INPUT DATA.
Lemma closed_guarded_denotes_class (phi : Expr V ar) :
  closed phi -> guarded phi ->
  exists (D : Type) (d : D -> T D) (z : D), finite_type D /\
    forall (X : Type) (xi : X -> T X) (x : X),
      @sem_closed T Lab ar lam V Veq X xi phi x <-> @beh_equiv T fmap D d z X xi x.
Proof.
  intros Hc Hg. destruct (guarded_represented phi Hg) as [R [_ [Hocc Hsem]]].
  assert (R_closed : forall w, ~ occurs R w) by (intros w Hw; exact (Hc w (Hocc w Hw))).
  destruct (root R) as [r|w] eqn:Er.
  2:{ exfalso. apply (R_closed w). now left. }
  exists (node R), (sys_str R), r. split; [apply node_finite|].
  intros X xi x. unfold sem_closed. rewrite Hsem. apply gsol_closed_beh_equiv, R_closed.
Qed.

Section Unfolding.
Variables (D : Type) (lab : D -> Lab) (next : forall s, Fin.t (ar (lab s)) -> D).
Variable v : D -> V.

(* [vis] lists the states on the current branch; revisiting one of them yields
   the variable bound at its first visit.  The fuel [n] only serves termination. *)
Fixpoint unfold_expr (n : nat) (s : D) (vis : list D) : Expr V ar :=
  match n with
  | 0 => EVar (v s)
  | S n' =>
      if excluded_middle_informative (In s vis) then EVar (v s)
      else ENu (v s) (EMod (lab s) (fun i => unfold_expr n' (next s i) (s :: vis)))
  end.

Lemma unfold_guarded (n : nat) : forall s vis, guarded (unfold_expr n s vis).
Proof.
  induction n as [|n IH]; intros s vis; simpl; [exact I|].
  destruct (excluded_middle_informative (In s vis)); simpl; auto.
Qed.

Variables (ld : list D) (ld_full : forall s, In s ld).
Lemma gauss_seq_increment_bound (z : Cpx) (n : nat) :
  (1 <= n)%nat -> 4 * (Cnorm1 z + 1) <= INR n + 1 ->
  Cnorm1 (Csub (gauss_seq z (S n)) (gauss_seq z n))
    <= gauss_const z * Cnorm1 (gauss_seq z n) * (/ INR n - / INR (S n)).
Proof.
  intros Hn Hbig; assert (1 <= INR n) by (apply (le_INR 1); auto).
  rewrite gauss_seq_S by auto.
  replace (Csub (Cmul (gauss_seq z n) (gauss_ratio z n)) (gauss_seq z n))
    with (Cmul (gauss_seq z n) (Csub (gauss_ratio z n) Cpx1)) by ring.
  eapply Rle_trans; [apply Cnorm1_mul|].
  destruct (ln_ratio_bounds n Hn) as [Hs Hts].
  assert (Ht : 0 < / (INR n + 1)) by (apply Rinv_0_lt_compat; lra).
  assert (Htz : / (INR n + 1) * (4 * (Cnorm1 z + 1)) <= 1).
  { apply (Rmult_le_reg_l (INR n + 1)); [lra|]; rewrite <- Rmult_assoc, Rinv_r by lra; lra. }
  pose proof (ratio_factor_bound z _ _ Ht Htz Hs Hts) as E.
  assert ((/ (INR n + 1)) ^ 2 <= / INR n - / INR (S n)).
  { rewrite inv_INR_S_diff by auto; simpl pow; rewrite Rmult_1_r, <- Rinv_mult.
    apply Rinv_le_contravar; nra. }
  pose proof (Cnorm1_ge0 (gauss_seq z n)); pose proof (gauss_const_ge0 z).
  rewrite (Rmult_comm (gauss_const z)), Rmult_assoc.
  apply Rmult_le_compat_l; auto.
  eapply Rle_trans; [exact E|]; apply Rmult_le_compat_l; auto.
Qed.

Lemma gauss_seq_cv (z : Cpx) : exists l, Ccv (gauss_seq z) l.
Proof.
  destruct (INR_unbounded (4 * (Cnorm1 z + 1))) as [N HN].
  apply (Ccv_of_ratio _ (gauss_const z) (S N)); [lia | apply gauss_const_ge0|].
  intros n Hn; apply gauss_seq_increment_bound; [lia|].
  assert (INR (S N) <= INR n) by (apply le_INR; auto); rewrite S_INR in *; lra.
Qed.

Lemma rgamma_spec (z : Cpx) : Ccv (gauss_seq z) (rgamma z).
Proof. unfold rgamma; apply epsilon_spec, gauss_seq_cv. Qed.

Lemma Cprod_shift (z : Cpx) (n : nat) :
  Cmul z (Cprod (fun j => Cadd (Cadd z Cpx1) (RtoC (INR j))) n) =
  Cprod (fun j => Cadd z (RtoC (INR j))) (S n).
Proof.
  induction n as [|n IH]; [Cpx_eq; ring|].
  cbn [Cprod] in *; rewrite <- IH.
  transitivity (Cmul (Cmul z (Cprod (fun j => Cadd (Cadd z Cpx1) (RtoC (INR j))) n))
                     (Cadd (Cadd z Cpx1) (RtoC (INR (S n))))); [ring|].
  f_equal; Cpx_eq; rewrite ?(S_INR (S n)); ring.
Qed.

Lemma gauss_seq_add1 (z : Cpx) (n : nat) : (1 <= n)%nat ->
  Cmul (gauss_seq z n) (Cadd Cpx1 (Cmul (Cadd z Cpx1) (RtoC (/ INR n)))) =
  Cmul z (gauss_seq (Cadd z Cpx1) n).
Proof.
  intros Hn; assert (1 <= INR n) by (apply (le_INR 1); auto).
  unfold gauss_seq.
  assert (Epow : Cnatpow n (Cadd z Cpx1) = Cmul (Cnatpow n z) (RtoC (INR n))).
  { unfold Cnatpow.
    replace (Cmul (Cadd z Cpx1) (RtoC (ln (INR n)))) with
      (Cadd (Cmul z (RtoC (ln (INR n)))) (RtoC (ln (INR n)))) by (Cpx_eq; ring).
    rewrite Cexp_add; f_equal.
    unfold Cexp, RtoC; simpl; rewrite exp_ln, cos_0, sin_0 by lra; Cpx_eq; ring. }
  rewrite Epow, RtoC_inv by lra.
  set (Q := Cprod (fun j => Cadd (Cadd z Cpx1) (RtoC (INR j))) n).
  set (P := Cprod (fun j => Cadd z (RtoC (INR j))) n).
  assert (HQ : Cmul z Q = Cmul P (Cadd z (RtoC (INR n + 1)))).
  { unfold Q, P; rewrite Cprod_shift; cbn [Cprod]; rewrite S_INR; reflexivity. }
  pose proof (Cexp_neq0 (Cmul z (RtoC (ln (INR n))))); unfold Cnatpow.
  pose proof (RtoC_neq0 (INR n) ltac:(lra)).
  pose proof (RtoC_neq0 (INR (fact n)) (INR_fact_neq_0 n)).
  rewrite RtoC_add in HQ; change (RtoC 1) with Cpx1 in HQ; clearbody P Q.
  transitivity (Cdiv (Cmul z Q) (Cmul (RtoC (INR (fact n)))
     (Cmul (Cexp (Cmul z (RtoC (ln (INR n))))) (RtoC (INR n))))).
  - rewrite HQ; field; repeat split; auto.
  - field; repeat split; auto.
Qed.

Lemma rgamma_rec (z : Cpx) : rgamma z = Cmul z (rgamma (Cadd z Cpx1)).
Proof.
  pose proof (Ccv_parts_of_Ccv _ _ (rgamma_spec z)) as H0.
  pose proof (Ccv_parts_of_Ccv _ _ (rgamma_spec (Cadd z Cpx1))) as H1.
  (* [gauss_seq z n * (1 + (z+1)/n) = z * gauss_seq (z+1) n] and [(z+1)/n -> 0] *)
  assert (Hfac : Ccv_parts (fun n => Cadd Cpx1 (Cmul (Cadd z Cpx1) (RtoC (/ INR n))))
                           (Cadd Cpx1 (Cmul (Cadd z Cpx1) Cpx0))).
  { apply Ccv_parts_add; [apply Ccv_parts_const|].
    apply Ccv_parts_mul; [apply Ccv_parts_const | apply Ccv_parts_inv_INR]. }
  pose proof (Ccv_parts_mul _ _ _ _ H0 Hfac) as Hl.
  apply (Ccv_parts_ext_pos _ (fun n => Cmul z (gauss_seq (Cadd z Cpx1) n))) in Hl;
    [|intros; apply gauss_seq_add1; auto].
  pose proof (Ccv_parts_mul _ _ _ _ (Ccv_parts_const z) H1) as Hr.
  rewrite <- (Ccv_parts_unique _ _ _ Hl Hr); ring.
Qed.
Lemma Zcont_const c : Zcont s (fun _ => c).
Proof. apply (Zcont_coord 0 (fun _ => c)). Qed.

Lemma Zcont_plus (f g : ZS s -> C) : Zcont s f -> Zcont s g -> Zcont s (fun x => f x + g x)%C.
Proof.
  intros Hf Hg x eps He.
  destruct (Hf x (eps / 2)) as [m1 H1]; [lra|]. destruct (Hg x (eps / 2)) as [m2 H2]; [lra|].
  exists (Nat.max m1 m2). intros y E.
  specialize (H1 y (zs_eq_le s x y _ _ (Nat.le_max_l _ _) E)).
  specialize (H2 y (zs_eq_le s x y _ _ (Nat.le_max_r _ _) E)).
  replace (f y + g y - (f x + g x))%C with ((f y - f x) + (g y - g x))%C by ring.
  eapply Rle_lt_trans; [apply Cmod_triangle | lra].
Qed.

Lemma Zcont_mult (f g : ZS s -> C) : Zcont s f -> Zcont s g -> Zcont s (fun x => f x * g x)%C.
Proof.
  intros Hf Hg x eps He.
  set (a := Cmod (f x)). set (b := Cmod (g x)).
  assert (Ha : 0 <= a) by apply Cmod_ge_0. assert (Hb : 0 <= b) by apply Cmod_ge_0.
  destruct (Hf x (eps / 2 / (b + 1))) as [m1 H1]; [apply Rdiv_lt_0_compat; lra|].
  destruct (Hg x (Rmin 1 (eps / 2 / (a + 1)))) as [m2 H2].
  { apply Rmin_pos; [lra | apply Rdiv_lt_0_compat; lra]. }
  exists (Nat.max m1 m2). intros y E.
  specialize (H1 y (zs_eq_le s x y _ _ (Nat.le_max_l _ _) E)).
  specialize (H2 y (zs_eq_le s x y _ _ (Nat.le_max_r _ _) E)).
  set (df := Cmod (f y - f x)%C) in *. set (dg := Cmod (g y - g x)%C) in *.
  assert (Hdf : 0 <= df) by apply Cmod_ge_0. assert (Hdg : 0 <= dg) by apply Cmod_ge_0.
  assert (Hgy : Cmod (g y) <= b + 1).
  { replace (g y) with (g x + (g y - g x))%C by ring.
    eapply Rle_trans; [apply Cmod_triangle|].
    pose proof (Rmin_l 1 (eps / 2 / (a + 1))). fold b dg. lra. }
  replace (f y * g y - f x * g x)%C with ((f y - f x) * g y + f x * (g y - g x))%C by ring.
  eapply Rle_lt_trans; [apply Cmod_triangle|]. rewrite !Cmod_mult. fold df dg a.
  assert (df * Cmod (g y) < eps / 2).
  { apply Rle_lt_trans with (df * (b + 1)); [apply Rmult_le_compat_l; lra|].
    apply (Rmult_lt_reg_r (/ (b + 1))); [apply Rinv_0_lt_compat; lra|].
    rewrite Rmult_assoc, Rinv_r, Rmult_1_r by lra. exact H1. }
  assert (a * dg <= eps / 2).
  { apply Rle_trans with ((a + 1) * (eps / 2 / (a + 1))).
    - apply Rmult_le_compat; try lra. pose proof (Rmin_r 1 (eps / 2 / (a + 1))). lra.
    - right. field. lra. }
  lra.
Qed.

Lemma Zcont_scal a (f : ZS s -> C) : Zcont s f -> Zcont s (fun x => a * f x)%C.
Proof. apply Zcont_mult, Zcont_const. Qed.

Lemma Zcont_minus (f g : ZS s -> C) : Zcont s f -> Zcont s g -> Zcont s (fun x => f x - g x)%C.
Proof.
  intros Hf Hg. apply (Zcont_ext (fun x => f x + (-1) * g x)%C); [intros; ring|].
  now apply Zcont_plus, Zcont_scal.
Qed.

TASK OBJECTIVE.
From the top of the material above, please transcribe each line exactly. Include the line with "destruct (ln_ratio_bounds n" and end there.

ANSWER SPACE.
Lemma closed_guarded_denotes_class (phi : Expr V ar) :
  closed phi -> guarded phi ->
  exists (D : Type) (d : D -> T D) (z : D), finite_type D /\
    forall (X : Type) (xi : X -> T X) (x : X),
      @sem_closed T Lab ar lam V Veq X xi phi x <-> @beh_equiv T fmap D d z X xi x.
Proof.
  intros Hc Hg. destruct (guarded_represented phi Hg) as [R [_ [Hocc Hsem]]].
  assert (R_closed : forall w, ~ occurs R w) by (intros w Hw; exact (Hc w (Hocc w Hw))).
  destruct (root R) as [r|w] eqn:Er.
  2:{ exfalso. apply (R_closed w). now left. }
  exists (node R), (sys_str R), r. split; [apply node_finite|].
  intros X xi x. unfold sem_closed. rewrite Hsem. apply gsol_closed_beh_equiv, R_closed.
Qed.

Section Unfolding.
Variables (D : Type) (lab : D -> Lab) (next : forall s, Fin.t (ar (lab s)) -> D).
Variable v : D -> V.

(* [vis] lists the states on the current branch; revisiting one of them yields
   the variable bound at its first visit.  The fuel [n] only serves termination. *)
Fixpoint unfold_expr (n : nat) (s : D) (vis : list D) : Expr V ar :=
  match n with
  | 0 => EVar (v s)
  | S n' =>
      if excluded_middle_informative (In s vis) then EVar (v s)
      else ENu (v s) (EMod (lab s) (fun i => unfold_expr n' (next s i) (s :: vis)))
  end.

Lemma unfold_guarded (n : nat) : forall s vis, guarded (unfold_expr n s vis).
Proof.
  induction n as [|n IH]; intros s vis; simpl; [exact I|].
  destruct (excluded_middle_informative (In s vis)); simpl; auto.
Qed.

Variables (ld : list D) (ld_full : forall s, In s ld).
Lemma gauss_seq_increment_bound (z : Cpx) (n : nat) :
  (1 <= n)%nat -> 4 * (Cnorm1 z + 1) <= INR n + 1 ->
  Cnorm1 (Csub (gauss_seq z (S n)) (gauss_seq z n))
    <= gauss_const z * Cnorm1 (gauss_seq z n) * (/ INR n - / INR (S n)).
Proof.
  intros Hn Hbig; assert (1 <= INR n) by (apply (le_INR 1); auto).
  rewrite gauss_seq_S by auto.
  replace (Csub (Cmul (gauss_seq z n) (gauss_ratio z n)) (gauss_seq z n))
    with (Cmul (gauss_seq z n) (Csub (gauss_ratio z n) Cpx1)) by ring.
  eapply Rle_trans; [apply Cnorm1_mul|].
  destruct (ln_ratio_bounds n Hn) as [Hs Hts].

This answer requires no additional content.